This easy recipe starts with roasting fresh vegetables and turns them into a delicious, flavorful vegan broth. Plus– tips for using vegetable scraps!
Soup weather is here!
Can we all do a collective happy dance for soup? And if there’s one thing that makes soup even better– it’s really exceptionally delicious broth.
I’ve been making my own broth for awhile now, but recently I decided that my broth could be better. More flavorful. MORE DELICIOUS.
And so– I took my older vegetable broth recipe, kicked it up a notch, and made it better. And that, friends, makes your soup better!

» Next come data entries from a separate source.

Lemma abs_right_expansion (v l : R) : exists s, (s = 1 \/ s = -1) /\
  s * v = Rabs v /\ exists h0, 0 < h0 /\
    forall h, 0 < h < h0 -> Rabs (v + h * l) = Rabs v + h * (s * l).
Proof.
  destruct (Rtotal_order v 0) as [Hneg|[->|Hpos]].
  - exists (-1). split; [right; reflexivity|]. rewrite (Rabs_left v Hneg).
    split; [ring|]. exists (- v / (Rabs l + 1)).
    assert (Hl : 0 < Rabs l + 1) by (pose proof (Rabs_pos l); lra).
    split; [apply Rdiv_lt_0_compat; lra|]. intros h Hh.
    assert (Hsmall : h * (Rabs l + 1) < - v).
    { destruct Hh as [Hh0 Hh1]. apply (Rmult_lt_compat_r (Rabs l + 1)) in Hh1; [|lra].
      unfold Rdiv in Hh1. rewrite Rmult_assoc, Rinv_l, Rmult_1_r in Hh1; lra. }
    pose proof (Rle_abs l). rewrite Rabs_left; nra.
  - destruct (Rle_dec 0 l) as [Hl|Hl].
    + exists 1. split; [left; reflexivity|]. rewrite Rabs_R0. split; [ring|].
      exists 1. split; [lra|]. intros h Hh. rewrite Rplus_0_l, Rabs_right; nra.
    + exists (-1). split; [right; reflexivity|]. rewrite Rabs_R0. split; [ring|].
      exists 1. split; [lra|]. intros h Hh. rewrite Rplus_0_l, Rabs_left; nra.
  - exists 1. split; [left; reflexivity|]. rewrite (Rabs_right v) by lra.
    split; [ring|]. exists (v / (Rabs l + 1)).
    assert (Hl : 0 < Rabs l + 1) by (pose proof (Rabs_pos l); lra).
    split; [apply Rdiv_lt_0_compat; lra|]. intros h Hh.
    assert (Hsmall : h * (Rabs l + 1) < v).
    { destruct Hh as [Hh0 Hh1]. apply (Rmult_lt_compat_r (Rabs l + 1)) in Hh1; [|lra].
      unfold Rdiv in Hh1. rewrite Rmult_assoc, Rinv_l, Rmult_1_r in Hh1; lra. }
    pose proof (Rle_abs (- l)). rewrite Rabs_Ropp in *. rewrite Rabs_right; nra.
Qed.

Lemma dini_le_abs (f : R -> R) (t l : R) : is_derive f t l ->
  exists s, (s = 1 \/ s = -1) /\ s * f t = Rabs (f t) /\
    dini_le (fun u => Rabs (f u)) t (s * l).
Proof.
  intros Hf.
  destruct (abs_right_expansion (f t) l) as [s [Hs [Hsv [h0 [Hh0 Hexp]]]]].
  exists s. split; [exact Hs|]. split; [exact Hsv|].
  intros eps Heps.
  destruct (derive_right_expansion f t l Hf eps Heps) as [del [Hdel Hnear]].
  exists (Rmin del h0); split; [apply Rmin_glb_lt; lra|]. intros h Hh.
  pose proof (Rmin_l del h0); pose proof (Rmin_r del h0).
  specialize (Hnear h ltac:(lra)). rewrite <- (Hexp h ltac:(lra)).
  replace (f (t + h)) with ((f (t + h) - f t - h * l) + (f t + h * l)) by ring.
  pose proof (Rabs_triang (f (t + h) - f t - h * l) (f t + h * l)). lra.
Qed.

Lemma dini_monotone (g : R -> R) (a b : R) : a < b ->
  filterlim g (at_right a) (locally (g a)) ->
  (forall t, a < t <= b -> continuous g t) ->
  (forall t, a < t < b -> dini_le g t 0) ->
  g b <= g a.
Proof.
  intros Hab Hright Hcont Hdini.
  apply Rle_plus_epsilon. intros eps Heps.
  set (e := eps / (b - a + 1)).
  assert (He : 0 < e) by (unfold e; apply Rdiv_lt_0_compat; lra).
  assert (Hbound : forall t, a <= t -> t <= b -> g t <= g a + e * (t - a) + e).
  { apply (continuation a (fun t => t <= b -> g t <= g a + e * (t - a) + e)).
    - intros _. lra.
    - intros c Hac Hbelow Hcb.
      apply (continuous_le_from_left g c (c - a)); [lra|apply Hcont; lra|].
      intros y Hy. specialize (Hbelow y ltac:(lra) ltac:(lra)). nra.
    - intros c Hac Hc.
      destruct (Rle_dec b c) as [Hbc|Hcb].
      { exists 1. split; [lra|]. intros s Hs Hsb. lra. }
      destruct Hac as [Hac| <-].
      + destruct (Hdini c ltac:(lra) e He) as [del [Hdel Hnear]].
        exists del. split; [exact Hdel|]. intros s Hs _.
        specialize (Hnear (s - c) ltac:(lra)).
        replace (c + (s - c)) with s in Hnear by ring.
        specialize (Hc ltac:(lra)). nra.
      + destruct (right_limit_eps g a (g a) Hright e He) as [del [Hdel Hnear]].
        exists del. split; [exact Hdel|]. intros s Hs _.
        specialize (Hnear s Hs). apply Rabs_def2 in Hnear. nra. }
  specialize (Hbound b ltac:(lra) ltac:(lra)).
  assert (Heps_split : e * (b - a) + e = eps) by (unfold e; field; lra).
  lra.
Qed.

This homemade vegetable broth uses roasted vegetables, and then simmers them with herbs and water until the water transforms into deeeeelicious broth.
Does Homemade Vegetable Broth Taste Better than Store-bought?
YES. No question about it.
That doesn’t mean that I never use store-bought broth. I do– it’s quick, requires zero effort, and I almost always have it on hand.
BUT– homemade broth really does taste better, and it’s HEALTHIER since you can control the ingredients and sodium levels.
What Vegetables Do I Need for Homemade Vegetable Broth?
I recommend that you start with onion, carrot, and celery.
Once you’ve got those three, feel free to play around with other veggies. My favorite to add in are root vegetables like fennel.
Can I Use Vegetable Scraps?
Yes. Sort of.
I used to diligently put all of my vegetable scraps in a freezer bag, and periodically add everything from the bag into the broth. Over time, I realized that I wasn’t always getting the best combination of flavors.
Now I’m a little pickier, and usually use the broth bag in my freezer as a way to preserve extra fresh herbs for my next batch of broth.
I don’t recommend saving onion skins, garlic skins, or the inner flesh and seeds from bell peppers, because they make the broth bitter.
Can I Make This Ahead of Time?
Yes! Check the recipe card for freezer directions.
Want more COOKING BASICS? Try these:
Want RECIPES THAT USE VEGETABLE BROTH? Try these:
Homemade Vegetable Broth
Broth Base: (Don't Skip These)
- 1 onion, thickly sliced
- 2 carrots, roughly chopped
- 2 stalks celery, roughly diced, leaves removed + reserved
- 1 TB olive oil
- 1 TB salt
- 2 bay leaves
- 1 cup herbs, loosely packed (fresh or frozen)
- 12 cups water
- 1/2 cup wine (white or red), optional
Broth Extras: (Use What You Have on Hand or Love)
- 4 garlic cloves
- root vegetables such as fennel or turnips
- 1 TB tomato paste
- Preheat oven to 400ºF.
- Lay onions, carrots, and celery on a baking sheet in a single layer. Broth extras: If using garlic or extra root vegetables, add those to the baking sheet too.
- Drizzle veggies with olive oil and salt. Roast about 30 minutes, until veggies are cooked through.
- Add vegetables to a large soup pot, along with all remaining ingredients (including the reserved celery leaves).
- Bring the mixture to a boil, and simmer for about 20 minutes. Strain out any solids (vegetables and herbs) from the broth.
- Use broth right away, refrigerate and use within 3-4 days, or freeze broth in an airtight container for up to 6 months.